Problem →
Extract exactly those lines that lie between the start of the material and the line with "have -> : sub_top", including both boundary lines and no others.

Data section →
Segment Open

Lemma principal_arcs : sub_top v \in x :: p -> sub_bot v \in x :: p ->
  exists q1 r : seq vtx,
    ppath (adjS n v) (sub_top v) q1 /\ last (sub_top v) q1 = sub_bot v /\
    sub_left v \in q1 /\
    ppath (adjS n v) (sub_bot v) (rcons r (sub_top v)) /\
    sub_right v \in r /\
    same_cycle (x :: p) (sub_top v :: q1 ++ r).
Proof.
move=> top_c bot_c; have [k [p' [lt_k rot_c et]]] := ppath_rot ex top_c.
have /negPf tb := sub_top_neq_bot v.
have bot_p' : sub_bot v \in p' by move: bot_c; rewrite -(mem_rot k) rot_c inE eq_sym tb.
case/splitPr: bot_p' rot_c et => p1 p2 rot_c et.
have [e1 [e1b e2]] : ppath (adjS n v) (sub_top v) p1 /\
    adjS n v (last (sub_top v) p1) (sub_bot v) /\
    ppath (adjS n v) (sub_bot v) (rcons p2 (sub_top v)).
  by move: et; rewrite rcons_cat ppath_cat.
have e1' : ppath (adjS n v) (sub_top v) (rcons p1 (sub_bot v)) by rewrite ppath_rcons.
have e2' := ppath_rev (@adjS_sym _ _) e2.
have := ux; rewrite -(rot_uniq k) rot_c cons_uniq mem_cat inE tb negb_or /=.
case/andP=> /andP [top_p1 top_p2]; rewrite cat_uniq cons_uniq.
case/and3P=> _ /hasPn p1_p2 /andP [bot_p2 _].
have bot_p1 : sub_bot v \notin p1 by apply: contraTN (p1_p2 _ (mem_head _ _)) => ->.
have [s1 [_ mid_p1]] := top_bot_path_mid lt_vn e1' top_p1 bot_p1.
have := top_bot_path_mid lt_vn e2'; rewrite !mem_rev => /(_ top_p2 bot_p2) [s2 [_]].
rewrite mem_rev => mid_p2.
have : s1 != s2.
  by apply: contraTneq mid_p1 => ->; apply: p1_p2; rewrite inE mid_p2 orbT.
case: s1 s2 mid_p1 mid_p2 => -[] // mid_p1 mid_p2 _.
- exists (rcons (rev p2) (sub_bot v)), (rev p1).
  do 5?split; rewrite ?last_rcons ?mem_rcons ?inE ?mem_rev /sub_left /sub_right
    ?mid_p1 ?mid_p2 ?orbT //.
    exact: (ppath_rev (@adjS_sym n v) e1').
  have -> : sub_top v :: rcons (rev p2) (sub_bot v) ++ rev p1 = rev (rot k.+1 (x :: p)).
    by rewrite -add1n rotD // rot_c rot1_cons rev_rcons rev_cat rev_cons.
  exact: same_cycle_rev_rot.
- exists (rcons p1 (sub_bot v)), p2.
  do 5?split; rewrite ?last_rcons ?mem_rcons ?inE /sub_left /sub_right
    ?mid_p1 ?mid_p2 ?orbT //.
  by rewrite cat_rcons -rot_c; apply: same_cycle_rot.
Qed.

End Cycles.

Lemma leaf_cycle_size n v x p : size v = n ->
  ppath (adjS n v) x (rcons p x) -> uniq (x :: p) -> size p <= 1.
Proof.
move=> size_v; case: p => [|y1 [|y2 t]] //= [xy1 [y1y2 _]].
have tb := sub_top_neq_bot v; suff -> : x = y2 by rewrite !inE eqxx !orbT.
have [[-> Ey1]|[-> Ey1]] := adjS_leaf size_v xy1;
  have [[Ey1' ->]|[Ey1' ->]] := adjS_leaf size_v y1y2 => //;
  by rewrite -Ey1 -Ey1' eqxx in tb.
Qed.
Lemma maximal_pairing_graph T (H : set T) : infinite_set H ->
  exists G0, [/\ pairing_graph G0, graph_carrier G0 `<=` H,
    infinite_set (graph_carrier G0) &
    forall G, G0 `<` G -> pairing_graph G -> ~ graph_carrier G `<=` H].
Proof.
move=> Hinf.
(* [G = set0] lets the union of the empty chain in. *)
pose P G := [/\ pairing_graph G, graph_carrier G `<=` H &
  G = set0 \/ infinite_set (graph_carrier G)].
have [G0 [[pG0 G0H G0inf] G0max]] : exists G0, P G0 /\ forall G, G0 `<` G -> ~ P G.
  apply: Zorn_bigcup => F FP Ftot; split.
  - by apply: pairing_graph_bigcup => // G /FP[].
  - by move=> u [w [G FG h]]; have [_ GH _] := FP G FG; apply: GH; exists w.
  have [[G FG Ginf]|nF] := pselect (exists2 G, F G & infinite_set (graph_carrier G)).
    by right; apply: sub_infinite_set Ginf; apply: graph_carrierS => q h; exists G.
  left; apply/seteqP; split=> // q [G FG h].
  by have [_ _ [G0|Ginf]] := FP G FG; [rewrite G0 in h|case: nF; exists G].
have G0inf' : infinite_set (graph_carrier G0).
  case: G0inf => // G00 _; have [N NH [Ninf NN]] := infinite_sub_setX_le Hinf.
  have [G1 pG1 G1N] := pairing_graph_of_setX_le NN.
  have [n Nn] := infinite_setN0 Ninf.
  apply: (G0max G1); last by split; rewrite ?G1N //; right.
  by rewrite G00; split=> // G10; move: Nn; rewrite -G1N => -[w /G10].
exists G0; split=> // G G0G pG GH; apply: (G0max G) => //; split=> //.
by right; apply: sub_infinite_set (graph_carrierS G0G.1) G0inf'.
Qed.
Lemma typeIII_same_power h a b : End_Quord (Mf f) h -> ~ Cset h -> ~~ fconnect f a b ->
  exists i, h a = iter i f a /\ h b = iter i f b.
Proof.
move=> Endh nconst nab.
pose r u v := u = v \/ exists i, u = iter i f a /\ v = iter i f b.
have [eq_h|//] : r (h a) (h b).
  apply: End_Quord_Mf_orbit Endh _ _ => [|i]; last by right; exists i.
  split=> [u|u v w [->|[i [-> ->]]] [<-|[j [eq_ji ->]]]]; try by left.
  - by right; exists j.
  - by right; exists i.
  - by case: (iter_disjoint_orbits nab (esym eq_ji)).
have [m hm] := End_Quord_Mf_in_orbit Endh nconst a.
have [n hn] := End_Quord_Mf_in_orbit Endh nconst b.
by case: (iter_disjoint_orbits (i:=m) (j:=n) nab); rewrite -hm -hn.
Qed.

Lemma typeIII_End_Quord_Mf x0 y0 : order f x0 = p -> order f y0 = p -> ~~ fconnect f x0 y0 ->
  subsetM (End_Quord (Mf f)) (Mf f).
Proof.
move=> ox oy nxy h Endh; have [Ch|nconst] := classic (Cset h); first by right.
have [k [hx hy]] := typeIII_same_power Endh nconst nxy.
left; exists k; apply: functional_extensionality => z.
have [xz|nxz] := boolP (fconnect f x0 z).
  have nyz : ~~ fconnect f y0 z.
    by apply: contra nxy => yz; rewrite (connect_trans xz) // fconnect_sym.
  have [i [hy' hz]] := typeIII_same_power Endh nconst nyz.
  by rewrite hz; apply: (iter_eq_of_order oy); rewrite -hy' hy.
have [i [hx' hz]] := typeIII_same_power Endh nconst nxz.
by rewrite hz; apply: (iter_eq_of_order ox); rewrite -hx' hx.
Qed.

Lemma typeIII_powers_generate : nontrivial_powers_generate f.
Proof.
move=> k nTk; have [k0|kp] := posnP (k %% p).
  by case: nTk; left; apply: functional_extensionality => x; rewrite iter_modp k0.
have [km kn def_km _] := egcdnP p kp.
have cop : gcdn (k %% p) p = 1.
  apply/eqP; rewrite -/(coprime _ _) coprime_modl coprime_sym prime_coprime //.
  by rewrite /dvdn -lt0n.
exists km; apply: functional_extensionality => x.
by rewrite -iterM iter_modp -modnMmr def_km cop modnMDl modn_small ?prime_gt1.
Qed.

End TypeIII.
(* Let $\omega=\omega_0\omega_1\cdots$ be an infinite sequence over $\{b,c,d\}$ and let $n\ge1$ be such that $\omega_{n-1}=d$. Then in $G_\omega$ (indeed in $\mathrm{Aut}(\mathbf{T})$) we have $(a d_k)^{2^{n-k+1}}=1$ for every $0\le k<n$.
   Context: Let $\mathbf{T}=\{0,1\}^*$ be the rooted binary tree of finite binary strings, and $a$ the automorphism flipping the first bit of a string ($a$ fixes the empty string). For an infinite sequence $\omega$ over $\{b,c,d\}$, each $x\in\{b,c,d\}$ and each $n\ge0$, the automorphism $x_n$ is defined by $x_n(1^j)=1^j$ for all $j\ge0$, and $x_n(1^j0s)=1^j0s$ if $\omega_{n+j}=x$, $x_n(1^j0s)=1^j0a(s)$ if $\omega_{n+j}\ne x$, for all $j\ge0$ and strings $s$. In particular $d_k$ denotes the element $x_k$ for $x=d$. The generalized Grigorchuk group is $G_\omega=\langle a,b_0,c_0,d_0\rangle$. *)

(* Vertices of the binary tree T = {0,1}^* are boolean
   sequences (false = 0, true = 1); automorphisms are functions on them. *)
From mathcomp Require Import all_boot.
Set Implicit Arguments. Unset Strict Implicit. Unset Printing Implicit Defensive.

Inductive letter := lb | lc | ld.

Definition letter_eqb (x y : letter) : bool :=
  match x, y with lb, lb | lc, lc | ld, ld => true | _, _ => false end.

Definition word := nat -> letter.

Definition tree_a (s : seq bool) : seq bool :=
  match s with [::] => [::] | x :: t => (~~ x) :: t end.

(* x_n, for x in {b,c,d}, relative to omega:
   x_n(1^j) = 1^j, x_n(1^j 0 s) = 1^j 0 s if omega_{n+j} = x,
   and 1^j 0 a(s) otherwise. *)
Fixpoint tree_x (omega : word) (x : letter) (n : nat) (s : seq bool)
  : seq bool :=
  match s with
  | [::] => [::]
  | true :: t => true :: tree_x omega x n.+1 t
  | false :: t => false :: (if letter_eqb (omega n) x then t else tree_a t)
  end.

Definition tree_d (omega : word) (k : nat) := tree_x omega ld k.

(* Write f_k := a d_k.  Its square fixes the first letter and acts on the
   two subtrees by d_{k+1} x and x d_{k+1}, where x = 1 if omega_k = d and
   x = a otherwise.  If omega_k = d both sections are the involution d_{k+1},
   so f_k^4 = 1.  Otherwise both sections are conjugate to f_{k+1}, so the
   order of f_k is at most twice that of f_{k+1}.  Descending from k to the
   index n-1, where omega_{n-1} = d, gives the bound 2^(n-1-k) * 4. *)

From mathcomp Require Import all_boot.

Set Implicit Arguments.
Unset Strict Implicit.
Unset Printing Implicit Defensive.

Lemma iter_mull_id (T : Type) (f : T -> T) m c :
  iter m f =1 id -> iter (c * m) f =1 id.
Proof. by move=> fm x; rewrite iterM; elim: c => //= c ->; apply: fm. Qed.

Lemma iter_id_swap (T : Type) (p q : T -> T) m :
  injective p -> iter m (p \o q) =1 id -> iter m (q \o p) =1 id.
Proof.
move=> p_inj pq_id x; apply: p_inj.
have iter_shift y : p (iter m (q \o p) y) = iter m (p \o q) (p y).
  by elim: m {pq_id} => //= m ->.
by rewrite iter_shift pq_id.
Qed.

Lemma iter_cons (g h : seq bool -> seq bool) b :
  (forall u, g (b :: u) = b :: h u) ->
  forall m t, iter m g (b :: t) = b :: iter m h t.
Proof. by move=> gE m t; elim: m => //= m ->; rewrite gE. Qed.

Lemma tree_aK : involutive tree_a.
Proof. by case=> //= x t; rewrite negbK. Qed.

Lemma tree_xK omega x n : involutive (tree_x omega x n).
Proof.
move=> s; elim: s n => [|[] t IH] n //=; first by rewrite IH.
by case: letter_eqb; rewrite ?tree_aK.
Qed.

Section TreeAD.

Variable omega : word.

Definition tree_ad k := tree_a \o tree_d omega k.

Definition tree_d_section0 k : seq bool -> seq bool :=
  if letter_eqb (omega k) ld then id else tree_a.

Lemma tree_ad_nil k m : iter m (tree_ad k) [::] = [::].
Proof. by elim: m => //= m ->. Qed.

Lemma tree_ad_sqr_cons k b t :
  iter 2 (tree_ad k) (b :: t) =
  b :: (if b then tree_d_section0 k \o tree_d omega k.+1
        else tree_d omega k.+1 \o tree_d_section0 k) t.
Proof.
rewrite /tree_ad /tree_d_section0 /tree_d.
by case: b => /=; case: letter_eqb.
Qed.

Lemma iter_tree_ad_sections k m :
  (forall b, iter m (if b then tree_d_section0 k \o tree_d omega k.+1
                     else tree_d omega k.+1 \o tree_d_section0 k) =1 id) ->
  iter (m * 2) (tree_ad k) =1 id.
Proof.
move=> sec_id [|b t]; first exact: tree_ad_nil.
by rewrite iterM (iter_cons (tree_ad_sqr_cons k b)) sec_id.
Qed.

Lemma tree_ad_order4 k : omega k = ld -> iter 4 (tree_ad k) =1 id.
Proof.
move=> dk; apply: (@iter_tree_ad_sections k 2) => b s.
by rewrite /tree_d_section0 dk; case: b => /=; rewrite /tree_d tree_xK.
Qed.

Lemma tree_ad_order_double k m : omega k <> ld ->
  iter m (tree_ad k.+1) =1 id -> iter (m * 2) (tree_ad k) =1 id.
Proof.
move=> not_dk ad_id; apply: iter_tree_ad_sections.
have -> : tree_d_section0 k = tree_a.
  by rewrite /tree_d_section0; case: (omega k) not_dk.
case; first exact: ad_id.
exact: iter_id_swap (can_inj tree_aK) ad_id.
Qed.

Lemma tree_ad_order_pow2 k j : omega (k + j) = ld ->
  iter (2 ^ j.+2) (tree_ad k) =1 id.
Proof.
elim: j k => [|j IH] k dkj.
  by apply: tree_ad_order4; rewrite -dkj addn0.
case dk: (omega k); last first.
  have -> : 2 ^ j.+3 = 2 ^ j.+1 * 4 by rewrite -(addn2 j.+1) expnD.
  exact/iter_mull_id/tree_ad_order4.
all: rewrite expnSr; apply: tree_ad_order_double; first by rewrite dk.
all: by apply: IH; rewrite addSnnS.
Qed.

End TreeAD.

Theorem lemma6p2 (omega : word) (n : nat) :
  1 <= n -> omega n.-1 = ld ->
  forall k : nat, k < n ->
  forall s : seq bool,
    iter (2 ^ (n - k + 1)) (fun t => tree_a (tree_d omega k t)) s = s.
Proof.
case: n => // n _ d_last k lt_kn s.
have exp_eq : n.+1 - k + 1 = (n - k).+2 by rewrite subSn // addn1.
have idx_eq : k + (n - k) = n by rewrite subnKC.
by rewrite exp_eq; apply: tree_ad_order_pow2; rewrite idx_eq.
Qed.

Segment Closed

Response to this exercise →
Lemma principal_arcs : sub_top v \in x :: p -> sub_bot v \in x :: p ->
  exists q1 r : seq vtx,
    ppath (adjS n v) (sub_top v) q1 /\ last (sub_top v) q1 = sub_bot v /\
    sub_left v \in q1 /\
    ppath (adjS n v) (sub_bot v) (rcons r (sub_top v)) /\
    sub_right v \in r /\
    same_cycle (x :: p) (sub_top v :: q1 ++ r).
Proof.
move=> top_c bot_c; have [k [p' [lt_k rot_c et]]] := ppath_rot ex top_c.
have /negPf tb := sub_top_neq_bot v.
have bot_p' : sub_bot v \in p' by move: bot_c; rewrite -(mem_rot k) rot_c inE eq_sym tb.
case/splitPr: bot_p' rot_c et => p1 p2 rot_c et.
have [e1 [e1b e2]] : ppath (adjS n v) (sub_top v) p1 /\
    adjS n v (last (sub_top v) p1) (sub_bot v) /\
    ppath (adjS n v) (sub_bot v) (rcons p2 (sub_top v)).
  by move: et; rewrite rcons_cat ppath_cat.
have e1' : ppath (adjS n v) (sub_top v) (rcons p1 (sub_bot v)) by rewrite ppath_rcons.
have e2' := ppath_rev (@adjS_sym _ _) e2.
have := ux; rewrite -(rot_uniq k) rot_c cons_uniq mem_cat inE tb negb_or /=.
case/andP=> /andP [top_p1 top_p2]; rewrite cat_uniq cons_uniq.
case/and3P=> _ /hasPn p1_p2 /andP [bot_p2 _].
have bot_p1 : sub_bot v \notin p1 by apply: contraTN (p1_p2 _ (mem_head _ _)) => ->.
have [s1 [_ mid_p1]] := top_bot_path_mid lt_vn e1' top_p1 bot_p1.
have := top_bot_path_mid lt_vn e2'; rewrite !mem_rev => /(_ top_p2 bot_p2) [s2 [_]].
rewrite mem_rev => mid_p2.
have : s1 != s2.
  by apply: contraTneq mid_p1 => ->; apply: p1_p2; rewrite inE mid_p2 orbT.
case: s1 s2 mid_p1 mid_p2 => -[] // mid_p1 mid_p2 _.
- exists (rcons (rev p2) (sub_bot v)), (rev p1).
  do 5?split; rewrite ?last_rcons ?mem_rcons ?inE ?mem_rev /sub_left /sub_right
    ?mid_p1 ?mid_p2 ?orbT //.
    exact: (ppath_rev (@adjS_sym n v) e1').
  have -> : sub_top v :: rcons (rev p2) (sub_bot v) ++ rev p1 = rev (rot k.+1 (x :: p)).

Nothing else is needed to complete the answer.